Data are means ± s.e.m., representative of triplicate experiments. One-way analysis of variance (ANOVA) followed by Tukey’s multiple comparison test. **P < 0.01, ***P < 0.001, ****P < 0.0001 (G and I; compared with control neuron). ns, not significant.

Figure S6. Calpastatin protects axons but not NMJs in mice with sciatic nerve transection or G93A mice (related to Figure 6).

(A) Representative western blot detection of human calpastatin and Mfn2 in spinal cords of Rosa26-hCAST KI mice 30–40 days after injection with AAV1-GFP (Vector) or AAV1-Cre (Cre).

(B D) Quantification of NMJ innervation (B), representative immunoblot of βIII tubulin, NF-L and the calpain cleaved 150-kDa αII-spectrin breakdown product (SBDP150) in tibial nerves (C) and representative toluidine blue staining of Epon-embedded sections of tibial nerves (D) in 4 6 month old Rosa26-hCAST KI mice 2 days after right sciatic nerve cut. 30–40 days before transection, mice were injected with AAV1-GFP (Vector) or AAV1-Cre (Cre). n = 3 or 4 per group. Data are means ± s.e.m., representative of triplicate experiments.

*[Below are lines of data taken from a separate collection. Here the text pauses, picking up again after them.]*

Lemma sumt_mul_one_sub_le T f : (1 <= T)%nat ->
  sumt T (fun s => f s * (1 - f s)) <= sumt T f * (INR T - sumt T f) / INR T.
Proof.
  intros HT. assert (HTpos : 0 < INR T) by (apply lt_0_INR; lia).
  set (H := sumt T f). set (a := H / INR T).
  assert (Hsq : 0 <= sumt T (fun s => (f s - a) ^ 2)).
  { apply Rle_trans with (sumt T (fun _ => 0)); [rewrite sumt_const; lra|].
    apply sumt_le. intros. apply pow2_ge_0. }
  rewrite (sumt_ext T _ (fun s => (f s * f s - 2 * a * f s) + a ^ 2)) in Hsq by (intros; ring).
  rewrite sumt_add, sumt_sub, sumt_mul_l, sumt_const in Hsq. fold H in Hsq.
  rewrite (sumt_ext T _ (fun s => f s - f s * f s)) by (intros; ring).
  rewrite sumt_sub. fold H.
  assert (H * (INR T - H) / INR T = H - 2 * a * H + INR T * a ^ 2) by (unfold a; field; lra).
  lra.
Qed.

Lemma mul_one_sub_div_add_le L R T : 0 <= L -> 0 <= R -> 0 < T ->
  (L + R) * (T - (L + R)) / T <= L * (T - L) / T + R.
Proof.
  intros HL HR HT. apply Rmult_le_reg_l with T; [exact HT|].
  replace (T * ((L + R) * (T - (L + R)) / T)) with ((L + R) * (T - (L + R))) by (field; lra).
  replace (T * (L * (T - L) / T + R)) with (L * (T - L) + T * R) by (field; lra).
  nra.
Qed.

Lemma le_sqrt_add_of_sq_le x a b : 0 <= x -> 0 <= a -> 0 <= b ->
  x ^ 2 <= a + b * x -> x <= sqrt a + b.
Proof.
  intros Hx Ha Hb Hq. pose proof (sqrt_pos a). pose proof (sqrt_sqrt a Ha).
  destruct (Rle_lt_dec x (sqrt a + b)) as [Hle|Hlt]; [exact Hle|].
  assert (x * x > x * (sqrt a + b)) by (apply Rmult_lt_compat_l; lra).
  assert (x * sqrt a >= sqrt a * sqrt a) by nra. nra.
Qed.

Theorem theorem8 (K T : nat) (loss : nat -> nat -> R) :
  (1 <= K)%nat -> (1 <= T)%nat ->
  (forall t k, (1 <= t <= T)%nat -> (k < K)%nat -> 0 <= loss t k <= 1) ->
  ah_regret K loss T <=
    2 * sqrt (Lstar K loss T * (INR T - Lstar K loss T) / INR T * ln (INR K))
    + 16 / 3 * ln (INR K) + 2.
Proof.
  intros HK HT Hl.
  set (B := Lstar K loss T * (INR T - Lstar K loss T) / INR T).
  pose proof (sqrt_pos (B * ln (INR K))).
  destruct (Nat.eq_dec K 1) as [->|HK1].
  { rewrite ah_regret_single_expert. simpl INR in *. rewrite ln_1 in *. lra. }
  assert (HK2 : (2 <= K)%nat) by lia.
  pose proof (ln_K_pos K HK2) as Hc.
  pose proof (ah_regret_le_2Delta K loss HK2 T Hl) as HRD.
  pose proof (ah_Delta_sq_le K loss HK2 T Hl T (le_n T)) as HD2.
  pose proof (sumt_mul_one_sub_le T (fun s => hedge_loss K loss (ah_eta K loss s) s) HT) as HV.
  pose proof (Lstar_bounds K loss T HK Hl) as HL.
  assert (HTpos : 0 < INR T) by (apply lt_0_INR; lia).
  destruct (Rle_lt_dec (ah_regret K loss T) 0) as [HR|HR]; [lra|].
  pose proof (mul_one_sub_div_add_le (Lstar K loss T) (ah_regret K loss T) (INR T)
                (proj1 HL) (Rlt_le _ _ HR) HTpos) as Hshift.
  replace (Lstar K loss T + ah_regret K loss T) with (ah_H K loss T) in Hshift
    by (unfold ah_regret; ring).
  cbv beta in HV. fold (ah_H K loss T) in HV. fold B in Hshift.
  assert (HB : 0 <= B) by (apply Rdiv_le_0_compat; [nra | exact HTpos]).
  assert (Hquad : ah_Delta K loss T ^ 2 <=
                  B * ln (INR K) + (8 / 3 * ln (INR K) + 1) * ah_Delta K loss T).
  { assert (ln (INR K) * sumt T (fun s => hedge_loss K loss (ah_eta K loss s) s *
                                          (1 - hedge_loss K loss (ah_eta K loss s) s))
            <= ln (INR K) * (B + ah_regret K loss T)) by (apply Rmult_le_compat_l; lra).
    nra. }
  apply le_sqrt_add_of_sq_le in Hquad; [lra | lra | nra | lra].
Qed.
Lemma preimage_in_HA : inHA X.
Proof.
  apply inHA_of_blocksum_small; [exact inA_preimage|].
  intros eps Heps. apply NNPP. intros Hno.
  assert (Hpt : forall m, exists N, forall p q, (N <= p)%nat -> blocksum X m p q < eps).
  { intros m. apply (nonneg_series_blocks_small _ (K ^ 2));
      [intros; apply pow2_ge_0|intros; apply preimage_psum_le|exact Heps]. }
  assert (Hblocks : forall B m0, exists p q n, (B <= p)%nat /\ (m0 < n)%nat /\ eps <= blocksum X n p q).
  { intros B m0.
    destruct (uniform_bound_upto (fun m N => forall p q, (N <= p)%nat -> blocksum X m p q < eps) Hpt)
      with m0 as [N HN].
    { intros m N N' HNN' H p q Hp. apply H. lia. }
    apply NNPP. intros Hnb. apply Hno. exists (max B N). intros m p q Hp.
    destruct (le_lt_dec m m0) as [Hm|Hm]; [apply HN; lia|].
    apply Rnot_le_lt. intros Hle. apply Hnb. exists p, q, m. repeat split; [lia|lia|exact Hle]. }
  destruct (spaced_sequence (fun p q n => eps <= blocksum X n p q) Hblocks) as [p [q [nk Hseq]]].
  apply (spaced_blocks_absurd eps p q nk Heps); intros k; apply Hseq.
Qed.

Lemma F_near_trunc f n z : in_dual f -> 0 < z ->
  exists N0, forall N, (N0 <= N)%nat -> Cmod (F f n - Cconj (f (trunc X N) n))%C <= K * z.
Proof.
  intros Hf Hz. pose proof Hf as [_ [Hf_add [Hf_act [Kf [HKf Hf_bounded]]]]].
  set (c := fun i => f (unit_vec i) n).
  destruct (nonneg_series_blocks_small (fun i => Cmod (c i) ^ 2) (Kf ^ 2)) with (z ^ 2)
    as [N0 HN0]; [intros; apply pow2_ge_0|intros; now apply dual_coef_sq_le|nra|].
  exists N0. intros N HN.
  set (h := coord_comb (fun i => dirac n (c i)) 0 N).
  assert (Hh : in_dual h) by (apply in_dual_coord_comb; [intros; apply inA_dirac|lia]).
  assert (Hrow : forall y, h y n = sum_n (fun i => c i * y i n)%C N).
  { intros y. unfold h, coord_comb, dirac. destruct (Nat.eq_dec n n); [reflexivity|contradiction]. }
  assert (HFh : F h n = Cconj (f (trunc X N) n)).
  { unfold h. rewrite F_coord_comb by (intros; apply inA_dirac || lia). fold h.
    rewrite Hrow, (dual_trunc f Hf_add Hf_act) by exact inA_preimage. reflexivity. }
  rewrite <- HFh. apply F_sub_le; [exact Hf|exact Hh|lra|]. intros y s Hy Hs. rewrite Hrow.
  apply (dual_row_approx f Hf_add Hf_act Kf HKf Hf_bounded); [lra| |exact Hy|exact Hs].
  intros M HM. left. apply HN0. lia.
Qed.

Lemma F_eq_conj_eval f : in_dual f -> F f = (fun n => Cconj (f X n)).
Proof.
  intros Hf. pose proof Hf as [_ [Hf_add [Hf_act [Kf [HKf Hf_bounded]]]]].
  extensionality n. apply Cminus_eq_of_small. intros eta Heta.
  destruct (F_near_trunc f n (eta / (2 * (K + 1))) Hf) as [N0 HN0].
  { apply Rdiv_lt_0_compat; lra. }
  destruct (tail_norm_small X preimage_in_HA (eta / (2 * (Kf + 1)))) as [M0 HM0].
  { apply Rdiv_lt_0_compat; lra. }
  set (N := max N0 M0).
  rewrite (dual_trunc_add_tail f Hf_add X N n preimage_in_HA), Cplus_conj.
  replace (F f n - (Cconj (f (trunc X N) n) + Cconj (f (tail X N) n)))%C
    with ((F f n - Cconj (f (trunc X N) n)) - Cconj (f (tail X N) n))%C by ring.
  eapply Rle_trans; [apply Cmod_triangle|]. rewrite Cmod_opp, Cmod_conj.
  pose proof (HN0 N ltac:(lia)) as H1.
  pose proof (Hf_bounded (tail X N) _ (inHA_tail X N preimage_in_HA) (HM0 N ltac:(lia)) n) as H2.
  pose proof (mul_div_double_succ_le K eta K_nonneg Heta).
  pose proof (mul_div_double_succ_le Kf eta HKf Heta). lra.
Qed.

(E) Representative western blot detection and quantification of calpastatin in spinal cords of 100-day old G93A mice 60 days after injection (n = 4 mice per group). 40-day old G93A mice were bilaterally injected with AAV1-calpastatin or AAV1-GFP into the lumbar spinal cord and sacrificed at 100-day old for NMJ innervation assessment.

(F) Quantification of NMJ innervation in GAST muscles of 100-day old G93A mice with indicated AAV1 injection at 40-day old (D, n = 6 and 4 mice per group).

(G) Representative images and quantification of calpastatin (green), AchR (red) and SV2/2H3 (white) in hindlimb skeletal GAST muscles of 3-month old CASTKI and TCAST mice.

Data are means ± s.e.m., representative of triplicate experiments. One-way analysis of variance (ANOVA) followed by Tukey’s multiple comparison test. *P < 0.05, ***P < 0.001. ns, not significant.